Store grep output in an array
ArraysBashShellArrays Problem Overview
I need to search a pattern in a directory and save the names of the files which contain it in an array.
Searching for pattern:
grep -HR "pattern" . | cut -d: -f1
This prints me all filenames that contain "pattern".
If I try:
targets=$(grep -HR "pattern" . | cut -d: -f1)
length=${#targets[@]}
for ((i = 0; i != length; i++)); do
echo "target $i: '${targets[i]}'"
done
This prints only one element that contains a string with all filnames.
output: target 0: 'file0 file1 .. fileN'
But I need:
output: target 0: 'file0'
output: target 1: 'file1'
.....
output: target N: 'fileN'
How can I achieve the result without doing a boring split operation on targets?
Arrays Solutions
Solution 1 - Arrays
You can use:
targets=($(grep -HRl "pattern" .))
Note use of (...)
for array creation in BASH.
Also you can use grep -l
to get only file names in grep
's output (as shown in my command).
Above answer (written 7 years ago) made an assumption that output filenames won't contain special characters like whitespaces or globs.

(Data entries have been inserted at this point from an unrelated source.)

(* Let $(\mathbf k((G)),l)$ be a series field with prelogarithmic section, with associated EL-series field $(\mathbf k((G))^{EL},\mathrm{Log},\mathrm{Exp})$. Let $U\subseteq H\subseteq G$ be subgroups such that $U$ is a proper convex subgroup of $H$ ($U=\{1\}$ allowed). Suppose $(\dagger)$: $\mathrm{Log}(h)<|f|$ for all $h\in H$ and all $f\in\mathbf k((H^{>U}))$ with $f\ne0$. Let $H^{\#,U}=H\cdot\mathrm{Exp}(\mathbf k((H^{>U})))\subseteq G^\#$. Then $H$ is a proper convex subgroup of $H^{\#,U}$, $H^{\#,U}$ is the anti-lexicographic product of $H$ and $\mathrm{Exp}(\mathbf k((H^{>U})))$, and $\mathrm{Log}(h')<|f|$ for all $h'\in H^{\#,U}$ and all nonzero $f\in\mathbf k(((H^{\#,U})^{>H}))$.
   Context: Let $\mathbf k$ be an ordered field and $(G,\cdot,<)$ a totally ordered abelian group (written multiplicatively). $\mathbf k((G))$ denotes the field of generalized power series $\alpha=\sum_{g\in G}\alpha(g)\,g$ ($\alpha(g)\in\mathbf k$) with anti-well-ordered support, usual operations, canonical valuation $v(\alpha)=\max\operatorname{supp}\alpha$ and ordering $\alpha>0$ iff $\alpha(v(\alpha))>0$; $\mathbf k$, $G$ are identified with subsets of $\mathbf k((G))$. For $S\subseteq G$, $\mathbf k((S))=\{\alpha:\operatorname{supp}\alpha\subseteq S\}$. For a subgroup $H$ and $A\subseteq G$, $H^{>A}=\{h\in H:h>a\ \forall a\in A\}$, $H^{>1}=\{h\in H:h>1\}$. Every $\alpha>0$ is uniquely $\alpha=g\,a(1+\varepsilon)$ with $g=v(\alpha)$, $a\in\mathbf k^{>0}$, $\varepsilon\in\mathbf k((G^{<1}))$. A prelogarithmic section is an order-preserving group embedding $l:(G,\cdot)\to(\mathbf k((G^{>1})),+)$. Fix an order-preserving group isomorphism $\log:(\mathbf k^{>0},\cdot)\to(\mathbf k,+)$. The prelogarithm of $l$ is $L(g\,a(1+\varepsilon))=l(g)+\log a+\sum_{i\ge1}(-1)^{i-1}\varepsilon^i/i$. Exponential extension: $G^\#$ is the ordered abelian group of formal symbols $e(\alpha)$, $\alpha\in\mathbf k((G^{>1}))$, with $e(\alpha)e(\beta)=e(\alpha+\beta)$, $e(\alpha)<e(\beta)\iff\alpha<\beta$, and $e(l(g))$ identified with $g\in G$; $l^\#(e(\alpha))=\alpha$ is a prelogarithmic section of $\mathbf k((G^\#))$ extending $l$. Iterating: $G^{\#n}$, $l^{\#n}$, prelogarithms $L^{\#n}$. The EL-series field is $\mathbf k((G))^{EL}=\bigcup_n\mathbf k((G^{\#n}))$ with $\mathrm{Log}=\bigcup_nL^{\#n}$, an order preserving isomorphism from the positive elements onto $(\mathbf k((G))^{EL},+)$; $\mathrm{Exp}=\mathrm{Log}^{-1}$. Note $\mathrm{Log}(g)=l(g)$ for $g\in G$, and $\mathrm{Exp}(f)\in G^\#$ for $f\in\mathbf k((G^{>1}))$. ''Anti-lexicographic product'' of subgroups $A,B$ of an ordered group: the group is $A\cdot B$, the product is direct, and $A$ is convex in it. *)

From HB Require Import structures.
From mathcomp Require Import all_boot all_order all_algebra.
From Stdlib Require Import Classical ClassicalEpsilon.
Set Implicit Arguments. Unset Strict Implicit. Unset Printing Implicit Defensive.
Import Order.TTheory GRing.Theory Num.Theory.
Local Open Scope ring_scope.

Record oagroup := OAGroup {
  oa_car :> Type;
  oa_mul : oa_car -> oa_car -> oa_car;
  oa_one : oa_car;
  oa_inv : oa_car -> oa_car;
  oa_lt  : oa_car -> oa_car -> Prop;
  oa_mulA : forall x y z, oa_mul x (oa_mul y z) = oa_mul (oa_mul x y) z;
  oa_mulC : forall x y, oa_mul x y = oa_mul y x;
  oa_mul1 : forall x, oa_mul oa_one x = x;
  oa_mulV : forall x, oa_mul (oa_inv x) x = oa_one;
  oa_lt_irr : forall x, ~ oa_lt x x;
  oa_lt_trans : forall x y z, oa_lt x y -> oa_lt y z -> oa_lt x z;
  oa_lt_total : forall x y, oa_lt x y \/ x = y \/ oa_lt y x;
  oa_lt_mul : forall x y z, oa_lt x y -> oa_lt (oa_mul x z) (oa_mul y z)
}.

Here is a safe way to read those special filenames into an array: (will work with older bash versions)
while IFS= read -rd ''; do
targets+=("$REPLY")
done < <(grep --null -HRl "pattern" .)
# check content of array
declare -p targets
On BASH 4+ you can use readarray
instead of a loop:
readarray -d '' -t targets < <(grep --null -HRl "pattern" .)